Segment Start: Data

(* Let $0\le\tau\le\varepsilon$, $\lambda:=\tau/\varepsilon$, $u_n\in\mathcal V_{[0,1]}$, and suppose $u_{n+1}\in\mathcal V$ and $\beta_{n+1}\in\mathcal B(u_{n+1})$ satisfy \[ u_{n+1} -e^{-\tau\Delta}u_n-\lambda u_{n+1}+\lambda\overline{u_{n+1}}\mathbf{1} =\lambda\beta_{n+1} -\lambda\overline{\beta_{n+1}}\mathbf{1}. \] Then $u_{n+1}$ is a minimiser of \[ \lambda\langle u,\mathbf{1} -u \rangle_{\mathcal V} + \|u-e^{-\tau\Delta}u_n\|^2_{\mathcal V} \] over $\{u\in\mathcal V_{[0,1]}:\mathcal M(u)=\mathcal M(u_n)\}$; on this set this objective equals $(1-\lambda)\|u\|^2_{\mathcal V}-2\langle u,e^{-\tau\Delta}u_n\rangle_{\mathcal V}$ plus a constant independent of $u$. In particular, when $\tau=\varepsilon$, $u_{n+1}$ maximises $\langle u,e^{-\tau\Delta}u_n\rangle_{\mathcal V}$ over $\{u\in\mathcal V_{[0,1]}:\mathcal M(u)=\mathcal M(u_n)\}$, i.e. $u_{n+1}$ is an update of the mass-conserving graph MBO scheme.
   Context: $G=(V,E)$ is a finite, simple, connected, undirected graph with weights $\omega_{ij}=\omega_{ji}>0$ for $ij\in E$, $\omega_{ij}=0$ otherwise; $d_i=\sum_j\omega_{ij}$, $r\in[0,1]$ fixed. $\mathcal V$ = functions $V\to\mathbb R$ with $\langle u,v\rangle_{\mathcal V}=\sum_i u_iv_id_i^r$ and norm $\|\cdot\|_{\mathcal V}$; $\mathcal V_X$ = functions $V\to X$. $(\Delta u)_i=d_i^{-r}\sum_j\omega_{ij}(u_i-u_j)$; $e^{-\tau\Delta}$ is the matrix exponential. $\mathbf 1$ all-ones; $\mathcal M(u)=\langle u,\mathbf 1\rangle_{\mathcal V}$; $\bar v=\mathcal M(v)/\mathcal M(\mathbf 1)$. $\varepsilon>0$. For $u\in\mathcal V_{[0,1]}$, $\mathcal B(u)$ = set of $\beta\in\mathcal V$ with $\beta_i\ge0$ if $u_i=0$, $\beta_i=0$ if $0<u_i<1$, $\beta_i\le0$ if $u_i=1$; $\mathcal B(u)=\emptyset$ otherwise. The mass-conserving graph MBO scheme is defined by $u_{n+1}\in\operatorname{argmin}\{\langle\mathbf 1-2e^{-\tau\Delta}u_n,u\rangle_{\mathcal V}: u\in\mathcal V_{[0,1]},\ \mathcal M(u)=\mathcal M(u_n)\}$. *)

From HB Require Import structures.
From mathcomp Require Import all_boot all_order all_algebra.
From mathcomp Require Import all_classical all_reals all_analysis.
Set Implicit Arguments. Unset Strict Implicit. Unset Printing Implicit Defensive.
Import Order.TTheory GRing.Theory Num.Theory.
Local Open Scope ring_scope.

Definition weighted_graph (R : realType) (n : nat) (w : 'M[R]_n) : Prop :=
  (forall i j, w i j = w j i) /\ (forall i j, 0 <= w i j) /\ (forall i, w i i = 0)
  /\ (forall i j, connect (fun a b => 0 < w a b) i j).

Definition deg (R : realType) n (w : 'M[R]_n) (i : 'I_n) : R := \sum_j w i j.

(* the graph Laplacian as a matrix: (Delta u)_i = d_i^{-r} sum_j w_ij (u_i - u_j) *)
Definition laplacian (R : realType) n (w : 'M[R]_n) (r : R) : 'M[R]_n :=
  \matrix_(i, j) ((deg w i `^ r)^-1 * ((i == j)%:R * deg w i - w i j)).

Definition expmx (R : realType) n (A : 'M[R]_n) : 'M[R]_n :=
  limn (series (fun k : nat => (k`!%:R)^-1 *: A ^+ k)).

Definition heat (R : realType) n (w : 'M[R]_n) (r tau : R) (u : 'I_n -> R) : 'I_n -> R :=
  fun i => \sum_j expmx (- tau *: laplacian w r) i j * u j.

Definition ip (R : realType) n (w : 'M[R]_n) (r : R) (u v : 'I_n -> R) : R :=
  \sum_i u i * v i * deg w i `^ r.

Definition sqnorm (R : realType) n (w : 'M[R]_n) (r : R) (u : 'I_n -> R) : R := ip w r u u.

Definition one_fn (R : realType) n : 'I_n -> R := fun _ => 1.

Definition mass (R : realType) n (w : 'M[R]_n) (r : R) (u : 'I_n -> R) : R :=
  ip w r u (@one_fn R n).

Definition bar (R : realType) n (w : 'M[R]_n) (r : R) (u : 'I_n -> R) : R :=
  mass w r u / mass w r (@one_fn R n).

Definition in01 (R : realType) n (u : 'I_n -> R) : Prop := forall i, 0 <= u i <= 1.

Definition inB (R : realType) n (u beta : 'I_n -> R) : Prop :=
  in01 u /\ forall i, (u i = 0 -> 0 <= beta i) /\ (0 < u i < 1 -> beta i = 0)
                      /\ (u i = 1 -> beta i <= 0).

Definition admissible (R : realType) n (w : 'M[R]_n) (r : R) (u0 u : 'I_n -> R) : Prop :=
  in01 u /\ mass w r u = mass w r u0.

Definition MBO_update (R : realType) n (w : 'M[R]_n) (r tau : R) (un u' : 'I_n -> R) : Prop :=
  admissible w r un u' /\
  forall u, admissible w r un u ->
    ip w r (fun i => 1 - 2 * heat w r tau un i) u' <= ip w r (fun i => 1 - 2 * heat w r tau un i) u.

From HB Require Import structures.
From mathcomp Require Import all_boot all_order all_algebra.
From mathcomp Require Import all_classical all_reals all_analysis.
From mathcomp Require Import ring lra.

(* The update equation is the optimality condition of the energy on the
   mass-constrained box: substituting it, the energy of a competitor u exceeds
   that of u_{n+1} by (1-λ)‖u-u_{n+1}‖² + 2λ⟨β, u-u_{n+1}⟩ plus a multiple of the
   mass difference.  The first term is nonnegative as λ ≤ 1, the second because β
   lies in the normal cone of [0,1] at u_{n+1}, and the third vanishes.  Summing
   the equation shows that u_{n+1} has the mass of e^{-τΔ}u_n, which is that of
   u_n since the vertex weights d^r are a left null vector of Δ, hence are fixed
   by e^{-τΔ}.  For λ = 1 the quadratic part of the energy cancels, leaving
   -2⟨u, e^{-τΔ}u_n⟩ plus a constant: the MBO objective on the admissible set. *)

Set Implicit Arguments. Unset Strict Implicit.
Import Order.TTheory GRing.Theory Num.Theory numFieldNormedType.Exports.
(* Joins the normed-module and completeness structures of real matrices, for [normed_cvg]. *)
HB.instance Definition _ (R : realType) (n m : nat) := NormedModule.on 'M[R]_(n, m).
Local Open Scope classical_set_scope.
Local Open Scope ring_scope.

Section MatrixExponential.
Variable R : realType.

Lemma mx_norm_entry_le m n (M : 'M[R]_(m, n)) i j : `|M i j| <= `|M|.
Proof.
rewrite (_ : `|M| = mx_norm M) // mx_normrE.
by apply/bigmax_geP; right; exists (i, j).
Qed.

Lemma mx_norm_le m n (M : 'M[R]_(m, n)) c :
  0 <= c -> (forall i j, `|M i j| <= c) -> `|M| <= c.
Proof.
move=> c_ge0 le_c; rewrite (_ : `|M| = mx_norm M) // mx_normrE.
by apply/bigmax_leP; split => // -[i j] _; apply: le_c.
Qed.

Lemma mx_norm_mulmx_le m n p (A : 'M[R]_(m, n)) (B : 'M[R]_(n, p)) :
  `|A *m B| <= n%:R * `|A| * `|B|.
Proof.
apply: mx_norm_le => [|i j]; first by rewrite !mulr_ge0.
rewrite mxE; apply: le_trans (ler_norm_sum _ _ _) _.
have -> : n%:R * `|A| * `|B| = \sum_(k < n) `|A| * `|B|.
  by rewrite sumr_const card_ord -mulrA mulr_natl.
by apply: ler_sum => k _; rewrite normrM ler_pM ?mx_norm_entry_le.
Qed.

Lemma mx_norm_expr_le n (A : 'M[R]_n) k : `|A ^+ k| <= (n%:R * `|A|) ^+ k.
Proof.
elim: k => [|k IHk].
  by apply: mx_norm_le => // i j; rewrite expr0 mxE; case: (i == j); rewrite normr_nat.
rewrite exprS [X in _ <= X]exprS -mulmxE; apply: le_trans (mx_norm_mulmx_le _ _) _.
by apply: ler_wpM2l; rewrite ?mulr_ge0.
Qed.

Local Notation expmx_term A := (fun k : nat => (k`!%:R)^-1 *: A ^+ k).

Lemma expmx_series_cvg n (A : 'M[R]_n) : cvgn (series (expmx_term A)).
Proof.
apply: normed_cvg; apply: (@series_le_cvg _ _ (exp_coeff (n%:R * `|A|))).
- by move=> k /=.
- by move=> k; apply: exp_coeff_ge0; rewrite mulr_ge0.
- move=> k /=; rewrite normrZ ger0_norm ?invr_ge0 // /exp_coeff /= mulrC.
  by rewrite ler_wpM2r ?invr_ge0 // mx_norm_expr_le.
- exact: is_cvg_series_exp_coeff.
Qed.

Section LeftKernel.
Variables (n : nat) (A : 'M[R]_n) (v : 'rV[R]_n).
Hypothesis vA0 : v *m A = 0.

Lemma left_kernel_expmx_term k : v *m ((k`!%:R)^-1 *: A ^+ k) = (k == 0)%:R *: v.
Proof.
rewrite -scalemxAr; case: k => [|k].
  by rewrite expr0 fact0 invr1 !scale1r mulmx1.
by rewrite exprS -mulmxE mulmxA vA0 mul0mx scaler0 scale0r.
Qed.

Lemma left_kernel_series k : v *m series (expmx_term A) k.+1 = v.
Proof.
rewrite /series /= mulmx_sumr big_nat_recl //= big1 => [|i _].
  by rewrite left_kernel_expmx_term scale1r addr0.
by rewrite left_kernel_expmx_term scale0r.
Qed.

Lemma left_kernel_expmx : v *m expmx A = v.
Proof.
apply/rowP => j; rewrite mxE.
have to_lim : \sum_i v 0 i * series (expmx_term A) k i j @[k --> \oo] -->
              \sum_i v 0 i * expmx A i j.
  apply: (cvg_big (op := +%R)) => [|i _]; first exact: add_continuous.
  apply: cvgMl_tmp; apply: (cvg_comp _ (fun M : 'M[R]_n => M i j) (@expmx_series_cvg _ A)).
  exact: coord_continuous.
have to_v : \sum_i v 0 i * series (expmx_term A) k i j @[k --> \oo] --> v 0 j.
  apply: cvg_near_cst; near=> k.
  have [k' ->] : exists k', k = k'.+1 by exists k.-1; rewrite prednK //; near: k; exists 1%N.
  by move: (left_kernel_series k') => /rowP/(_ j); rewrite mxE.
exact: cvg_unique to_lim to_v.
Unshelve. all: by end_near.
Qed.

End LeftKernel.
End MatrixExponential.

Section Laplacian.
Variables (R : realType) (n : nat) (w : 'M[R]_n) (r : R).
Hypothesis w_sym : forall i j, w i j = w j i.
Hypothesis w_ge0 : forall i j, 0 <= w i j.

Definition vertex_weights : 'rV[R]_n := \row_i deg w i `^ r.

Lemma deg_powR_mul_laplacian i j :
  deg w i `^ r * laplacian w r i j = (i == j)%:R * deg w i - w i j.
Proof.
rewrite mxE; have [d0|d_neq0] := eqVneq (deg w i `^ r) 0; last first.
  by rewrite mulrA mulfV // mul1r.
have wi0 k : w i k = 0.
  by move/powR_eq0_eq0/psumr_eq0P: d0 => -> // k' _; apply: w_ge0.
by rewrite d0 mul0r (powR_eq0_eq0 d0) wi0 mulr0 subr0.
Qed.

Lemma vertex_weights_laplacian : vertex_weights *m laplacian w r = 0.
Proof.
apply/rowP => j; rewrite !mxE.
under eq_bigr do rewrite mxE deg_powR_mul_laplacian.
rewrite sumrB (bigD1 j) //= eqxx mul1r big1 => [|i /negPf ->]; last by rewrite mul0r.
by rewrite addr0 /deg; under eq_bigr do rewrite w_sym; rewrite subrr.
Qed.

Lemma vertex_weights_heat_kernel tau :
  vertex_weights *m expmx (- tau *: laplacian w r) = vertex_weights.
Proof. by apply: left_kernel_expmx; rewrite -scalemxAr vertex_weights_laplacian scaler0. Qed.

Lemma mass_heat tau u : mass w r (heat w r tau u) = mass w r u.
Proof.
rewrite /mass /ip /heat /one_fn.
under eq_bigr do rewrite mulr1 mulr_suml.
rewrite exchange_big /=; apply: eq_bigr => j _.
move: vertex_weights_heat_kernel => /(_ tau)/rowP/(_ j); rewrite !mxE => <-.
rewrite mulr1 mulr_sumr; apply: eq_bigr => i _; rewrite mxE; ring.
Qed.

End Laplacian.

Ltac merge_sums := repeat (rewrite -sumrB || rewrite -big_split /=).

Section MBOEnergy.
Variables (R : realType) (n : nat) (w : 'M[R]_n) (r : R).

Definition mbo_energy (lam : R) (h u : 'I_n -> R) : R :=
  lam * ip w r u (fun i => 1 - u i) + sqnorm w r (fun i => u i - h i).

Lemma mbo_energyE lam h u : mbo_energy lam h u =
  (1 - lam) * sqnorm w r u - 2 * ip w r u h + (lam * mass w r u + sqnorm w r h).
Proof.
apply/eqP; rewrite -subr_eq0; apply/eqP.
rewrite /mbo_energy /sqnorm /mass /ip /one_fn !mulr_sumr; merge_sums.
by apply: big1 => i _; ring.
Qed.

(* Also when the total weight is zero and [bar] divides by zero: then every vertex weight vanishes. *)
Lemma mulr_bar_mass u : bar w r u * mass w r (@one_fn R n) = mass w r u.
Proof.
have [M0|M_neq0] := eqVneq (mass w r (@one_fn R n)) 0; last by rewrite divfK.
have d0 i : deg w i `^ r = 0.
  move: M0; rewrite /mass /ip /one_fn; under eq_bigr do rewrite !mul1r.
  by move/psumr_eq0P => -> // k _; apply: powR_ge0.
by rewrite M0 mulr0 /mass /ip big1 // => i _; rewrite d0 mulr0.
Qed.

Lemma inB_mulr_subr_ge0 (u1 beta u : 'I_n -> R) i :
  inB u1 beta -> in01 u -> 0 <= beta i * (u i - u1 i).
Proof.
case=> /(_ i)/andP[u1_ge0 u1_le1] /(_ i)[beta_ge0 [beta0 beta_le0]] /(_ i)/andP[u_ge0 u_le1].
have [u1_0|u1_neq0] := eqVneq (u1 i) 0.
  by rewrite u1_0 subr0 mulr_ge0 // beta_ge0.
have [u1_1|u1_neq1] := eqVneq (u1 i) 1.
  by rewrite u1_1 mulr_le0 ?subr_le0 // beta_le0.
by rewrite beta0 ?mul0r // !lt_neqAle eq_sym u1_neq0 u1_ge0 u1_neq1 u1_le1.
Qed.

Section Update.
Variables (lam : R) (h u1 beta : 'I_n -> R).
Hypothesis update_eq : forall i,
  u1 i - h i - lam * u1 i + lam * bar w r u1 = lam * beta i - lam * bar w r beta.

Let hE i : h i = u1 i - lam * u1 i + lam * bar w r u1 - lam * beta i + lam * bar w r beta.
Proof. by have := update_eq i; lra. Qed.

Lemma mass_update : mass w r u1 = mass w r h.
Proof.
suff : mass w r u1 - mass w r h - lam * mass w r u1
    + lam * (bar w r u1 * mass w r (@one_fn R n))
    - (lam * mass w r beta - lam * (bar w r beta * mass w r (@one_fn R n))) = 0.
  by rewrite !mulr_bar_mass; lra.
rewrite /mass /ip /one_fn !mulr_sumr; merge_sums.
by apply: big1 => i _; rewrite hE; ring.
Qed.

(* By [update_eq], [h - (1 - lam) u1] is [-lam beta] up to a constant function. *)
Lemma mbo_energy_subE u :
  mbo_energy lam h u - mbo_energy lam h u1 =
    \sum_i deg w i `^ r * ((1 - lam) * (u i - u1 i) ^+ 2 + 2 * lam * (beta i * (u i - u1 i)))
    + (lam - 2 * lam * (bar w r u1 + bar w r beta)) * (mass w r u - mass w r u1).
Proof.
apply/eqP; rewrite -subr_eq0; apply/eqP.
rewrite /mbo_energy /sqnorm /mass /ip /one_fn !mulr_sumr; merge_sums.
by rewrite mulr_sumr; merge_sums; apply: big1 => i _; rewrite hE; ring.
Qed.

Lemma update_minimises_mbo_energy u : 0 <= lam <= 1 -> inB u1 beta ->
  in01 u -> mass w r u = mass w r u1 -> mbo_energy lam h u1 <= mbo_energy lam h u.
Proof.
move=> /andP[lam_ge0 lam_le1] u1_beta u01 Mu.
suff : 0 <= mbo_energy lam h u - mbo_energy lam h u1 by rewrite subr_ge0.
rewrite mbo_energy_subE Mu subrr mulr0 addr0.
apply: sumr_ge0 => i _; rewrite mulr_ge0 ?powR_ge0 // addr_ge0 //.
  by rewrite mulr_ge0 ?sqr_ge0 ?subr_ge0.
by apply: mulr_ge0; [rewrite mulr_ge0 | apply: inB_mulr_subr_ge0].
Qed.

End Update.

Lemma ip_1_sub_mul2 h v :
  ip w r (fun i => 1 - 2 * h i) v = mass w r v - 2 * ip w r v h.
Proof.
apply/eqP; rewrite -subr_eq0; apply/eqP.
rewrite /mass /ip /one_fn !mulr_sumr; merge_sums.
by apply: big1 => i _; ring.
Qed.

Lemma MBO_update_of_argmax tau un u1 : admissible w r un u1 ->
  (forall u, admissible w r un u -> ip w r u (heat w r tau un) <= ip w r u1 (heat w r tau un)) ->
  MBO_update w r tau un u1.
Proof.
move=> adm1 u1_max; split=> // u adm; rewrite !ip_1_sub_mul2.
case: (adm) => _ ->; case: adm1 => _ ->.
by rewrite lerD2l lerN2 ler_pM2l // u1_max.
Qed.

End MBOEnergy.

Theorem theorem13 (R : realType) (n : nat) (w : 'M[R]_n) (r eps tau : R)
  (un u1 beta : 'I_n -> R) :
  (0 < n)%N -> weighted_graph w -> 0 <= r <= 1 -> 0 < eps -> 0 <= tau <= eps ->
  in01 un -> inB u1 beta ->
  (forall i, u1 i - heat w r tau un i - tau / eps * u1 i + tau / eps * bar w r u1
             = tau / eps * beta i - tau / eps * bar w r beta) ->
  let lam := tau / eps in
  let F := fun u : 'I_n -> R =>
    lam * ip w r u (fun i => 1 - u i) + sqnorm w r (fun i => u i - heat w r tau un i) in
  [/\ admissible w r un u1 /\ (forall u, admissible w r un u -> F u1 <= F u),
      (exists C : R, forall u, admissible w r un u ->
          F u = (1 - lam) * sqnorm w r u - 2 * ip w r u (heat w r tau un) + C)
    & (tau = eps ->
         (forall u, admissible w r un u -> ip w r u (heat w r tau un) <= ip w r u1 (heat w r tau un))
         /\ MBO_update w r tau un u1)].
Proof.
move=> _ [w_sym [w_ge0 _]] _ eps_gt0 /andP[tau_ge0 tau_le] _ u1_beta update_eq lam F.
have lam01 : 0 <= lam <= 1 by rewrite /lam divr_ge0 ?(ltW eps_gt0) //= ler_pdivrMr // mul1r.
have mass_u1 : mass w r u1 = mass w r un.
  by rewrite (mass_update update_eq) (mass_heat r w_sym w_ge0).
have adm1 : admissible w r un u1 by split=> //; case: u1_beta.
have F_min u : admissible w r un u -> F u1 <= F u.
  by case=> u01 Mu; apply: (update_minimises_mbo_energy update_eq) => //; rewrite Mu.
pose C := lam * mass w r un + sqnorm w r (heat w r tau un).
have FE u : admissible w r un u ->
    F u = (1 - lam) * sqnorm w r u - 2 * ip w r u (heat w r tau un) + C.
  by case=> _ Mu; rewrite /C -Mu; apply: mbo_energyE.
split=> //; first by exists C.
move=> tau_eps; have lam1 : lam = 1 by rewrite /lam tau_eps divff ?gt_eqF.
have u1_max u : admissible w r un u ->
    ip w r u (heat w r tau un) <= ip w r u1 (heat w r tau un).
  by move=> adm; move: (F_min u adm); rewrite (FE u adm) (FE u1 adm1) lam1 subrr !mul0r; lra.
by split=> //; apply: MBO_update_of_argmax.
Qed.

Segment End: Data

Exercise details: Looking at the entries above, count each line in which the word "Hypothesis" occurs, then give the total and nothing further.

Reply to the task: 4